VR in training: an employers' guide

Simulating events that require reactions in different situations allows you to practice these variants and prevent their negative consequences when they actually occur. Simulations give participants the opportunity to practice their skills of control over themselves and others and the ability to practice many scenarios of crisis events.

Language training

A possible area of virtual reality applications is also language training, which gives the possibility of free conversation with avatars, simulation of various situations requiring the use of specialist language and enforce the necessity of communicating in a foreign language. Virtual reality gives here a wide spectrum of possibilities, both by creating simulations supporting knowledge and memory, as well as creating simulations supporting communication skills, i.e. conversations.

VR supports active language learning. At this point, it is also worth mentioning that open public VR platforms such as AltspaceVR, where each of us can talk to users of this platform (and more precisely, users’ avatars) from around the world, are using virtual reality glasses and practicing their language skills at the same time.

Industry sectors using virtual and augmented reality

It is difficult to indicate the industry leader in VR; simulations are carried out by companies in the automotive, energy, financial and logistics industries, followed by companies involved in the production of machinery and equipment. Large enterprises around the world tend to use these technologies. However, medium and small companies are also increasingly turning to VR / AR solutions and applications.

VR in training: an employers' guide

Technological challenges

As I mentioned at the beginning, the technologies of virtual and augmented reality are relatively new. Currently, there are many producers of VR and AR spectacles on the market that differ not only in image quality but also in functionalities (i.e. way of moving in space, the range of use of controllers). The type of technology we use will also depend on the training context, i.e. whether we choose to use glasses that work independently of the computer (standalone) or use glasses that work with a computer (desktop or laptop). In turn, the selection of peripheral equipment will depend on the type of spectacles. What’s important – most of the virtual reality platforms work in a multiplayer environment.


The usage of AR/VR in training provides a wide spectrum of benefits. Consider it as a perfect tool for reduction of costs related to conducting training in the company – by limiting the need to exclude machines and equipment from operating activities for the duration of training. They can also help prevent avoiding dangerous situations as a tool supporting the safety of workplaces.
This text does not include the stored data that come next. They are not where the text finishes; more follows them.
(* The map from $\mathcal L_n$ to $\mathcal T_n$ which orders the children of each vertex according to their labels (increasingly) and then removes all labels is a bijection.
   Context: A rooted tree with vertex set $\{0,\dots,n\}$ is naturally labeled if labels increase towards the root and, for each $i$, all children of $i$ have labels smaller than all children of $i+1$; $\mathcal L_n$ is the set of such trees. An ordered rooted tree is an unlabeled rooted tree together with a linear order on the children of each vertex; $\mathcal T_n$ is the set of ordered rooted trees with $n+1$ vertices. *)

From mathcomp Require Import all_boot.
Set Implicit Arguments. Unset Strict Implicit. Unset Printing Implicit Defensive.

Inductive otree := ONode of seq otree.

Fixpoint osize (t : otree) : nat :=
  let: ONode ts := t in (sumn (map osize ts)).+1.

Definition in_T (n : nat) (t : otree) : Prop := osize t = n.+1.

(* A rooted tree on the vertex set {0,...,n} = 'I_n.+1 is given by its root r
   and its parent map p (with p r = r): every vertex reaches r by following
   parents (n steps suffice). *)
Definition LTree (n : nat) : Type := ('I_n.+1 * {ffun 'I_n.+1 -> 'I_n.+1})%type.

Definition is_rooted_tree n (T : LTree n) : bool :=
  let: (r, p) := T in (p r == r) && [forall v, iter n p v == r].

Definition increasing_to_root n (T : LTree n) : bool :=
  let: (r, p) := T in [forall v, (v != r) ==> (v < p v)].

Definition children_ordered n (T : LTree n) : bool :=
  let: (r, p) := T in
  [forall u, forall v, [&& u != r, v != r & p u < p v] ==> (u < v)].

Definition in_L n (T : LTree n) : bool :=
  [&& is_rooted_tree T, increasing_to_root T & children_ordered T].

Definition children n (T : LTree n) (v : 'I_n.+1) : seq 'I_n.+1 :=
  [seq u <- enum 'I_n.+1 | (u != T.1) && (T.2 u == v)].

(* the subtree at v, children ordered by labels, labels forgotten;
   [fuel] bounds the depth (n+1 suffices for trees on n+1 vertices) *)
Fixpoint forget_aux n (T : LTree n) (fuel : nat) (v : 'I_n.+1) : otree :=
  match fuel with
  | 0 => ONode [::]
  | f.+1 => ONode (map (forget_aux T f) (children T v))
  end.

Definition forget n (T : LTree n) : otree := forget_aux T n.+1 T.1.

From mathcomp Require Import all_boot zify.
Set Implicit Arguments. Unset Strict Implicit. Unset Printing Implicit Defensive.

(* In a naturally labeled tree on {0,...,n} the root is n and the parent map is
   nondecreasing with i < parent i.  Such a map is determined by its child counts
   c_0, ..., c_n, since parent i < v exactly when i < c_0 + ... + c_(v-1).
   Visit the vertices in increasing order, keeping the queue of the subtrees whose
   root still awaits its parent: by monotonicity the children of v are the first
   c_v entries of the queue, so v adopts them and joins the end of the queue.
   Forgetting the labels therefore yields the tree that this queue process builds
   from the child counts.  Conversely an ordered tree is built from exactly one
   admissible count sequence, recovered by running the process backwards from the
   newest node, and every admissible sequence is the child count sequence of a
   naturally labeled tree. *)

Definition adopt (c : nat) (Q : seq otree) : seq otree :=
  drop c Q ++ [:: ONode (take c Q)].

Definition assemble (cs : seq nat) (Q : seq otree) : seq otree :=
  foldl (fun Q c => adopt c Q) Q cs.

Fixpoint admissible (cs : seq nat) (Q : seq otree) : bool :=
  if cs is c :: cs' then (c <= size Q) && admissible cs' (adopt c Q) else true.

Definition forest_size (F : seq otree) : nat := sumn (map osize F).

(* [R] lists the queue newest node first; [fuel] bounds the number of nodes *)
Fixpoint disassemble (fuel : nat) (R : seq otree) : seq nat :=
  match fuel, R with
  | f.+1, ONode ts :: R' => size ts :: disassemble f (R' ++ rev ts)
  | _, _ => [::]
  end.

Lemma assemble_rcons cs c Q : assemble (rcons cs c) Q = adopt c (assemble cs Q).
Proof. by rewrite /assemble foldl_rcons. Qed.

Lemma admissible_rcons cs c Q :
  admissible (rcons cs c) Q = admissible cs Q && (c <= size (assemble cs Q)).
Proof. by elim: cs Q => [|c' cs IH] Q /=; rewrite ?andbT // IH andbA. Qed.

Lemma forest_size_cat F G : forest_size (F ++ G) = forest_size F + forest_size G.
Proof. by rewrite /forest_size map_cat sumn_cat. Qed.

Lemma forest_size_adopt c Q : forest_size (adopt c Q) = (forest_size Q).+1.
Proof.
rewrite /adopt forest_size_cat -{3}(cat_take_drop c Q) forest_size_cat.
by rewrite /forest_size /= addn0 addnC.
Qed.

Lemma forest_size_assemble cs Q : forest_size (assemble cs Q) = forest_size Q + size cs.
Proof.
elim: cs Q => [|c cs IH] Q; first by rewrite addn0.
by rewrite /= IH forest_size_adopt addSnnS.
Qed.

Lemma size_adopt c Q : c <= size Q -> size (adopt c Q) = size Q - c + 1.
Proof. by move=> le_cQ; rewrite size_cat size_drop. Qed.

Lemma size_assemble cs Q :
  admissible cs Q -> size (assemble cs Q) + sumn cs = size Q + size cs.
Proof.
elim: cs Q => [|c cs IH] Q /=; first by rewrite !addn0.
by case/andP=> le_cQ /IH; rewrite size_adopt //; lia.
Qed.

Lemma admissible_psum cs Q v :
  admissible cs Q -> v < size cs -> sumn (take v.+1 cs) <= size Q + v.
Proof.
elim: cs Q v => [|c cs IH] Q [|v] //= /andP[le_cQ adm_cs] lt_v_cs.
  by rewrite take0 addn0 addn0.
by have := IH _ v adm_cs lt_v_cs; rewrite size_adopt //; lia.
Qed.

Lemma disassembleP fuel R : forest_size R <= fuel ->
  let cs := rev (disassemble fuel R) in
  [/\ admissible cs [::], assemble cs [::] = rev R & size cs = forest_size R].
Proof.
elim: fuel R => [|f IH] [|[ts] R] //= size_tsR.
have size_cat_ts : forest_size (R ++ rev ts) = forest_size R + forest_size ts.
  by rewrite forest_size_cat /forest_size map_rev sumn_rev.
have size_cons_ts : forest_size (ONode ts :: R) = (forest_size ts).+1 + forest_size R
  by [].
have [|adm asm sz] := IH (R ++ rev ts); first by lia.
rewrite rev_cons admissible_rcons assemble_rcons adm asm rev_cat revK size_cat leq_addr.
split=> //.
- by rewrite /adopt drop_size_cat ?take_size_cat ?size_rev // rev_cons cats1.
- by rewrite size_rcons sz; lia.
Qed.

Lemma assembleK cs :
  admissible cs [::] -> disassemble (size cs) (rev (assemble cs [::])) = rev cs.
Proof.
elim/last_ind: cs => [|cs c IH] //.
rewrite admissible_rcons => /andP[adm le_c].
rewrite size_rcons assemble_rcons rev_rcons /adopt rev_cat /=.
by rewrite -rev_cat cat_take_drop IH // size_takel.
Qed.

Lemma iota0S k : iota 0 k.+1 = iota 0 k ++ [:: k].
Proof. by rewrite -addn1 iotaD. Qed.
Lemma measurable_Yword_eq n y : measurable [set w | Yword n w = y].
Proof.
have [<-|ny] := eqVneq (size y) n.
  by rewrite Yword_eq_cylinder; apply: bigsetI_measurable => i _; exact: measurable_Yinterval.
rewrite (_ : [set w | _] = set0) //; apply/seteqP; split => // w /= Yw.
by move: ny; rewrite -Yw size_Yword eqxx.
Qed.

Lemma Yword_preimage n (g : pred (seq (option sgn))) :
  [set w | g (Yword n w)] = \big[setU/set0]_(y <- words n | g y) [set w | Yword n w = y].
Proof.
rewrite -bigcup_seq_cond; apply/seteqP; split => w /=; last by move=> [y /andP [_ gy] ->].
move=> gw; exists (Yword n w) => //; apply/andP; split => //.
by rewrite -{2}(size_Yword n w); exact: mem_words.
Qed.

Lemma measurable_Yword n (A : set (seq (option sgn))) : measurable [set w | A (Yword n w)].
Proof.
have -> : [set w | A (Yword n w)] = [set w | `[< A (Yword n w) >]].
  by apply/seteqP; split => w /=; [move=> ?; exact/asboolP | move/asboolP].
rewrite (Yword_preimage n (fun y => `[< A y >])).
by apply: bigsetU_measurable => y _; exact: measurable_Yword_eq.
Qed.

Lemma Pr_uncoalesced sigma n : 0 < sigma -> sigma < 1 -> sigma < alpha P Plus ->
  (Pr [set w | ~~ coalesced sigma (Yword n w)]
   <= ((contraction sigma (alpha P Plus) (alpha P Minus)) ^+ n)%:E)%E.
Proof.
move=> sigma_gt0 sigma_lt1 sigma_lt.
rewrite (Yword_preimage n (fun y => ~~ coalesced sigma y)).
apply: le_trans (measure_big_setU_le Pr (words n) _ (measurable_Yword_eq n)) _.
rewrite big_seq_cond (eq_bigr (fun y => (word_weight (alpha P Plus) (alpha P Minus) y)%:E)).
  rewrite sumEFin lee_fin -big_seq_cond; apply: sum_weight_uncoalesced => //.
    exact: alpha_ge0.
  exact: alpha_Plus_Minus_le1.
by move=> y /andP [/size_words <- _]; exact: Pr_Yword_eq.
Qed.

End Sampling.

Section CoalescenceTime.
Variables (R : realType) (d : measure_display) (Omega : measurableType d).
Variables (Pr : probability Omega R) (U : int -> Omega -> R) (a1 : sgn).
Variables (P : sgn -> past -> R) (sigma : R).
Hypotheses (U_iid : iid_uniform Pr U) (P_kernel : is_kernel P) (sigma_ge0 : 0 <= sigma).

Local Notation Y := (Yv P a1 U).
Local Notation theta0 := (theta P a1 U sigma 0).
Local Notation Yw := (Yword U a1 P).

Definition coalescence_time (i : int) (w : Omega) : Prop :=
  (i <= 0)%R /\ forall j : int, (i <= j)%R -> (j <= 0)%R ->
    Y j w <> None \/ (cn P a1 U sigma j w <= ((j - i)%:~R : R)%:E)%E.

Lemma cn_leP j w (K : nat) : (cn P a1 U sigma j w <= (K%:R)%:E)%E <->
  forall a, (Tsig sigma (pastY P a1 U j w a) <= (K%:R)%:E)%E.
Proof.
split => [cnK a|TK]; last by apply: ge_ereal_sup => _ [a _ <-].
by apply: le_trans cnK; apply: ereal_sup_ubound; exists a.
Qed.

Lemma plus_mass_le_Ya j w a : plus_mass R (Y j w) <= ind_plus R (Ya P a1 U j w a).
Proof.
rewrite /Ya; case: (Y j w) => [[]|] /=; rewrite /ind_plus ?lexx ?ler01 //.
by case: (a j); rewrite ?lexx ?ler01.
Qed.

Lemma nonpos_int_ge_oppn (k : nat) (j : int) : (- k%:Z <= j)%R -> (j <= 0)%R ->
  exists2 t : nat, j = - t%:Z & (t <= k)%N.
Proof. by move=> kj j0; exists `|j|%N; lia. Qed.

(* A coalescence of the walk at step [k] makes [- k] a coalescence time: every
   final window of [Yword k] has plus-frequency at least [sigma], whatever
   values fill the undetermined positions. *)
Lemma coalescence_time_of_walk n w k : (k < n)%N ->
  coalesces_at sigma (Yw n w) k -> coalescence_time (- k%:Z) w.
Proof.
move=> kn /andP [/eqP h0 yk]; split; first by rewrite oppr_le0.
move=> j kj j0; have [t -> tk] := nonpos_int_ge_oppn kj j0.
have [->|tk'] := eqVneq t k; first by left; apply/eqP; rewrite -(nth_Yword U a1 P w kn).
have {tk tk'} tk : (t < k)%N by rewrite ltn_neqAle tk' tk.
right; rewrite (_ : - t%:Z - - k%:Z = (k - t)%N%:Z); last by lia.
rewrite -pmulrn; apply/cn_leP => a; apply/Tsig_leP; exists (k - t)%N => //.
split; first by rewrite subn_gt0.
rewrite ler_pdivlMr ?ltr0n ?subn_gt0 //.
have size_k : size (take k (Yw n w)) = k by rewrite size_take size_Yword kn.
have := @height_window _ _ sigma_ge0 (take k (Yw n w)) t.
rewrite size_k h0 => /(_ (ltnW tk)); rewrite subr_le0 => /le_trans; apply.
rewrite -{1}(add0n t) big_addn big_mkord; apply: ler_sum => s _.
have st : (s + t < k)%N by have := ltn_ord s; lia.
rewrite nth_take // nth_Yword; last exact: ltn_trans kn.
rewrite /pastY (_ : - t%:Z - s%:Z = - (s + t)%N%:Z); last by lia.
exact: plus_mass_le_Ya.
Qed.

Lemma theta_le0 w : (theta0 w <= 0)%E.
Proof. by apply: ge_ereal_sup => _ [i [i_le0 _] <-]; rewrite lee_fin lerz0. Qed.

Lemma theta_ge k w : coalescence_time (- k%:Z) w -> ((- k%:R : R)%:E <= theta0 w)%E.
Proof.
by move=> ck; apply: ereal_sup_ubound; exists (- k%:Z) => //; rewrite mulrNz -pmulrn.
Qed.

Lemma uncoalesced_of_large_theta n w :
  ((n%:R : R)%:E <= `|theta0 w|)%E -> ~~ coalesced sigma (Yw n w).
Proof.
move=> n_le; apply/hasPn => k; rewrite mem_iota size_Yword => /andP [_ kn].
apply/negP => /(coalescence_time_of_walk kn)/theta_ge.
move: (theta_le0 w) n_le; case: (theta0 w) => [r| |] //=; rewrite !lee_fin.
move=> r_le0; rewrite ler0_norm // => n_le k_le.
have : (n%:R : R) <= k%:R by lra.
by rewrite ler_nat leqNgt kn.
Qed.

Lemma coalescence_time_Yword k w w' : Yw k.+1 w = Yw k.+1 w' ->
  coalescence_time (- k%:Z) w -> coalescence_time (- k%:Z) w'.
Proof.
move=> ww' [k_le0 ck]; split => // j kj j0.
have [t jt tk] := nonpos_int_ge_oppn kj j0.
have Yww' u : (u <= k)%N -> Y (- u%:Z) w = Y (- u%:Z) w'.
  move=> uk; have uk1 : (u < k.+1)%N by [].
  by rewrite -(nth_Yword U a1 P w uk1) -(nth_Yword U a1 P w' uk1) ww'.
have := ck j kj j0; rewrite jt => -[Yj|cnj]; first by left; rewrite -Yww'.
right; move: cnj; rewrite (_ : - t%:Z - - k%:Z = (k - t)%N%:Z); last by lia.
rewrite -pmulrn => /cn_leP cnj; apply/cn_leP => a.
apply: Tsig_le_mono (cnj a) => i ikt; rewrite /pastY /Ya.
rewrite (_ : - t%:Z - i%:Z = - (t + i)%N%:Z); last by lia.
by rewrite Yww' ?lexx //; lia.
Qed.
Both technologies support the broadly understood effectiveness by shortening the time of employee training – thanks to the simulation we learn faster, we also remember better. This applies to competence in the form of knowledge, as well as skills and attitudes. VR and AR provide the opportunity to learn by simulating real situations, including dangerous ones, with greater employee involvement resulting in the higher attractiveness of this type of solutions. It does also give the opportunity to use gamification and freedom of choice, time and place of training. As a result, we save time and lower the costs of training. The advantages here can be demonstrated by the fact that Volkswagen announced that in 2018 more than 10,000 employees will be trained using VR/AR. It is worth mentioning that the following technologies are suitable for different styles of learning thanks to the ability to affect many human senses.
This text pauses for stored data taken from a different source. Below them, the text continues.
(* Suppose the population EM operator $M$ is contractive with parameter $\kappa\in(0,1)$ on $\mathbb{B}_2(r;\theta^* )$, i.e. $\|M(\theta)-\theta^*\|_2\le\kappa\|\theta-\theta^*\|_2$ for all $\theta\in\mathbb{B}_2(r;\theta^* )$, and the initial vector $\theta^0$ belongs to $\mathbb{B}_2(r;\theta^* )$. Let $\delta\in(0,1)$. (a) If $n$ is such that $\epsilon^M_{\mathrm{unif}}(n,\delta)\le(1-\kappa)r$, then the EM iterates $\theta^{t+1}=M_n(\theta^t)$ (all $n$ samples used at each step) satisfy, with probability at least $1-\delta$, for all $t\ge 0$, $$\|\theta^t-\theta^*\|_2\le\kappa^t\|\theta^0-\theta^*\|_2+\frac{1}{1-\kappa}\,\epsilon^M_{\mathrm{unif}}(n,\delta).$$ (b) Fix an iteration number $T$ and suppose $\epsilon^M(n/T,\delta/T)\le(1-\kappa)r$. Split the $n$ samples into $T$ disjoint subsets of size $n/T$ and define the sample-splitting iterates $\theta^{t+1}=M_{n/T}(\theta^t)$, where the $(t+1)$-th update uses the $(t+1)$-th subset (fresh samples). Then, with probability at least $1-\delta$, for all $t\in\{0,1,\dots,T\}$, $$\|\theta^t-\theta^*\|_2\le\kappa^t\|\theta^0-\theta^*\|_2+\frac{1}{1-\kappa}\,\epsilon^M\Big(\frac{n}{T},\frac{\delta}{T}\Big).$$
   Context: Setting: $(Y,Z)$ is a pair of random variables (observed $Y$, latent $Z$) with joint density $f_{\theta^*}$ from a family $\{f_\theta:\theta\in\Omega\}$, $\Omega\subseteq\mathbb{R}^d$ nonempty compact convex; $g_\theta(y)=\int f_\theta(y,z)dz$; $k_\theta(z\mid y)$ is the conditional density of $Z$ given $Y=y$. The population $Q$-function is $Q(\theta'\mid\theta)=\int(\int k_\theta(z\mid y)\log f_{\theta'}(y,z)dz)g_{\theta^*}(y)dy$ and the population EM operator is $M(\theta)=\arg\max_{\theta'\in\Omega}Q(\theta'\mid\theta)$. Given i.i.d. samples $y_1,\dots,y_n$ from $g_{\theta^*}$, the sample $Q$-function is $\widehat Q_n(\theta'\mid\theta)=\frac1n\sum_{i=1}^n\int k_\theta(z\mid y_i)\log f_{\theta'}(y_i,z)dz$ and the sample EM operator is $M_n(\theta)=\arg\max_{\theta'\in\Omega}\widehat Q_n(\theta'\mid\theta)$ (assumed well defined). $\mathbb{B}_2(r;\theta^* )=\{\theta\in\Omega:\|\theta-\theta^*\|_2\le r\}$. For sample size $n$ and $\delta\in(0,1)$: $\epsilon^M(n,\delta)$ is the smallest scalar such that for every fixed $\theta\in\mathbb{B}_2(r;\theta^* )$, $\|M_n(\theta)-M(\theta)\|_2\le\epsilon^M(n,\delta)$ with probability at least $1-\delta$; $\epsilon^M_{\mathrm{unif}}(n,\delta)$ is the smallest scalar such that $\sup_{\theta\in\mathbb{B}_2(r;\theta^* )}\|M_n(\theta)-M(\theta)\|_2\le\epsilon^M_{\mathrm{unif}}(n,\delta)$ with probability at least $1-\delta$. *)

From HB Require Import structures.
From mathcomp Require Import all_boot all_order all_algebra.
From mathcomp Require Import all_classical all_reals all_analysis.
Set Implicit Arguments. Unset Strict Implicit. Unset Printing Implicit Defensive.
Import Order.TTheory GRing.Theory Num.Theory.
Import numFieldNormedType.Exports.
Local Open Scope classical_set_scope.
Local Open Scope ring_scope.

Section EMDefs.
Variable R : realType.
Variable d : nat.

Definition norm2 (v : 'rV[R]_d) : R := Num.sqrt (\sum_(i < d) v ord0 i ^+ 2).

Definition ball2 (Om : set 'rV[R]_d) (r : R) (ts : 'rV[R]_d) : set 'rV[R]_d :=
  [set th | Om th /\ norm2 (th - ts) <= r].

(* conversions used to state measurability in the parameter *)
Definition rv2t (v : 'rV[R]_d) : d.-tuple R := [tuple v ord0 i | i < d].
Definition t2rv (t : d.-tuple R) : 'rV[R]_d := \row_i tnth t i.

Section Model.
Context {dY dZ : measure_display} {Y : measurableType dY} {Z : measurableType dZ}.
Variables (muY : {measure set Y -> \bar R}) (muZ : {measure set Z -> \bar R}).
(* f theta y z : joint density of (Y,Z) w.r.t. muY (x) muZ *)
Variable f : 'rV[R]_d -> Y -> Z -> R.

Definition is_density_family : Prop :=
  forall th, (forall y z, 0 <= f th y z) /\
    measurable_fun [set: Y * Z] (fun p => f th p.1 p.2) /\
    (\int[muY]_y \int[muZ]_z (f th y z)%:E = 1)%E.

Definition gdens (th : 'rV[R]_d) (y : Y) : \bar R := (\int[muZ]_z (f th y z)%:E)%E.

Definition kdens (th : 'rV[R]_d) (z : Z) (y : Y) : R := f th y z / fine (gdens th y).

Definition inner (th' th : 'rV[R]_d) (y : Y) : \bar R :=
  (\int[muZ]_z ((kdens th z y)%:E * lne (f th' y z)%:E))%E.

Definition Qfun (ts th' th : 'rV[R]_d) : \bar R :=
  (\int[muY]_y (inner th' th y * gdens ts y))%E.

Definition Qhat m (ys : m.-tuple Y) (th' th : 'rV[R]_d) : \bar R :=
  ((m%:R^-1)%:E * \sum_(i < m) inner th' th (tnth ys i))%E.

Definition is_argmax (Om : set 'rV[R]_d) (F : 'rV[R]_d -> \bar R) x : Prop :=
  Om x /\ forall y, Om y -> (F y <= F x)%E.
End Model.

Section Sampling.
Context {dT dY : measure_display} {T : measurableType dT} {Y : measurableType dY}.
Variable P : probability T R.

Definition iid_with_density (muY : {measure set Y -> \bar R}) (g : Y -> \bar R)
  (X : nat -> T -> Y) : Prop :=
  (forall i, measurable_fun [set: T] (X i)) /\
  (forall i A, measurable A -> P (X i @^-1` A) = (\int[muY]_(y in A) g y)%E) /\
  (forall n (A : 'I_n -> set Y), (forall i, measurable (A i)) ->
     P (\bigcap_(i in [set: 'I_n]) (X i @^-1` A i)) =
     (\prod_(i < n) fine (P (X i @^-1` A i)))%:E).

Definition block (X : nat -> T -> Y) (s m : nat) (w : T) : m.-tuple Y :=
  [tuple X (s + i)%N w | i < m].

Variables (X : nat -> T -> Y) (Om : set 'rV[R]_d) (r : R) (ts : 'rV[R]_d).
Variables (M : 'rV[R]_d -> 'rV[R]_d) (Mn : forall m, m.-tuple Y -> 'rV[R]_d -> 'rV[R]_d).

Definition wp_atleast (p : R) (E : T -> Prop) : Prop :=
  exists A, measurable A /\ (p%:E <= P A)%E /\ forall w, A w -> E w.

Definition epsM (n : nat) (delta : R) : \bar R :=
  ereal_inf [set e%:E | e in [set e : R | forall th, ball2 Om r ts th ->
    wp_atleast (1 - delta)
      (fun w => norm2 (Mn (block X 0 n w) th - M th) <= e)]].

Definition epsM_unif (n : nat) (delta : R) : \bar R :=
  ereal_inf [set e%:E | e in [set e : R |
    wp_atleast (1 - delta)
      (fun w => forall th, ball2 Om r ts th ->
                  norm2 (Mn (block X 0 n w) th - M th) <= e)]].

Fixpoint em_iter (n : nat) (th0 : 'rV[R]_d) (t : nat) (w : T) : 'rV[R]_d :=
  match t with
  | 0 => th0
  | t'.+1 => Mn (block X 0 n w) (em_iter n th0 t' w)
  end.

(* sample-splitting iterates: step t+1 uses block number t+1 (of size m) *)
Fixpoint em_split_iter (m : nat) (th0 : 'rV[R]_d) (t : nat) (w : T) : 'rV[R]_d :=
  match t with
  | 0 => th0
  | t'.+1 => Mn (block X (t' * m) m w) (em_split_iter m th0 t' w)
  end.
End Sampling.
End EMDefs.

(* Both bounds rest on one deterministic fact: if every iterate lies within e
   of the population update M of its predecessor, the contraction of M keeps
   the iterates in the ball (e + kappa r <= r) and yields
   |theta^t - theta*| <= kappa^t |theta^0 - theta*| + e / (1 - kappa).
   For (a) this is applied on the single event where the uniform deviation
   bound holds.  For (b) the t-th iterate is a measurable function of the
   first t blocks of samples, which are independent of block t + 1; hence,
   by Fubini, a step fails with probability at most delta / T, and a union
   bound over the T steps concludes.  In both parts the infimum defining eps
   is attained: the limit superior of the events for e = eps + 1/(k+1) has
   probability at least 1 - delta. *)

From HB Require Import structures.
From mathcomp Require Import all_boot all_order all_algebra.
From mathcomp Require Import all_classical all_reals all_analysis.
From mathcomp Require Import measurable_realfun ring lra.
Set Implicit Arguments. Unset Strict Implicit. Unset Printing Implicit Defensive.
Import Order.TTheory GRing.Theory Num.Theory.
Import numFieldNormedType.Exports.
Local Open Scope classical_set_scope.
Local Open Scope ring_scope.

Section EuclideanNorm.
Variables (R : realType) (d : nat).
Implicit Types u v : 'rV[R]_d.

Lemma norm2_ge0 v : 0 <= norm2 v.
Proof. exact: sqrtr_ge0. Qed.

Lemma norm2_sqr v : norm2 v ^+ 2 = \sum_(i < d) v ord0 i ^+ 2.
Proof. by rewrite sqr_sqrtr // sumr_ge0 // => i _; exact: sqr_ge0. Qed.

Lemma norm2_eq0 v : norm2 v = 0 -> v = 0.
Proof.
move=> v0; apply/rowP => i; rewrite mxE; apply/eqP; rewrite -sqrf_eq0.
have /eqP : \sum_(j < d) v ord0 j ^+ 2 = 0 by rewrite -norm2_sqr v0 expr0n.
rewrite psumr_eq0 => [/allP/(_ i (mem_index_enum i))//|j _]; exact: sqr_ge0.
Qed.

Lemma sum_mul_le_norm2 u v :
  \sum_(i < d) u ord0 i * v ord0 i <= norm2 u * norm2 v.
Proof.
set a := norm2 u; set b := norm2 v.
have [a0|a_neq0] := eqVneq a 0.
  by rewrite a0 mul0r big1 // => i _; rewrite (norm2_eq0 a0) mxE mul0r.
have [b0|b_neq0] := eqVneq b 0.
  by rewrite b0 mulr0 big1 // => i _; rewrite (norm2_eq0 b0) mxE mulr0.
have ab_gt0 : 0 < a * b by rewrite mulr_gt0 // lt0r ?a_neq0 ?b_neq0 ?norm2_ge0.
have key : 2 * (a * b) * \sum_(i < d) u ord0 i * v ord0 i <=
    b ^+ 2 * \sum_(i < d) u ord0 i ^+ 2 + a ^+ 2 * \sum_(i < d) v ord0 i ^+ 2.
  rewrite !mulr_sumr -big_split /=; apply: ler_sum => i _.
  have := sqr_ge0 (b * u ord0 i - a * v ord0 i); nra.
move: key; rewrite -!norm2_sqr -/a -/b => key.
rewrite -(ler_pM2l (_ : 0 < 2 * (a * b))); last by rewrite mulr_gt0.
nra.
Qed.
New technologies tend to attract innovators, but when planning to implement a VR or AR training, you should consider what value they have for the organization and whether their use will bring the expected results. The novelty of these technologies is obviously attractive from the point of view of any company that wants to be modern. It’s important to obtain actual results which should determine the decision to implement. It may also be helpful to look at external consultants or people who have implemented these technologies in their companies. In the end, you always have to consider the cost-effectiveness of the change. The profit and potential risk will determine the implementation of new technology.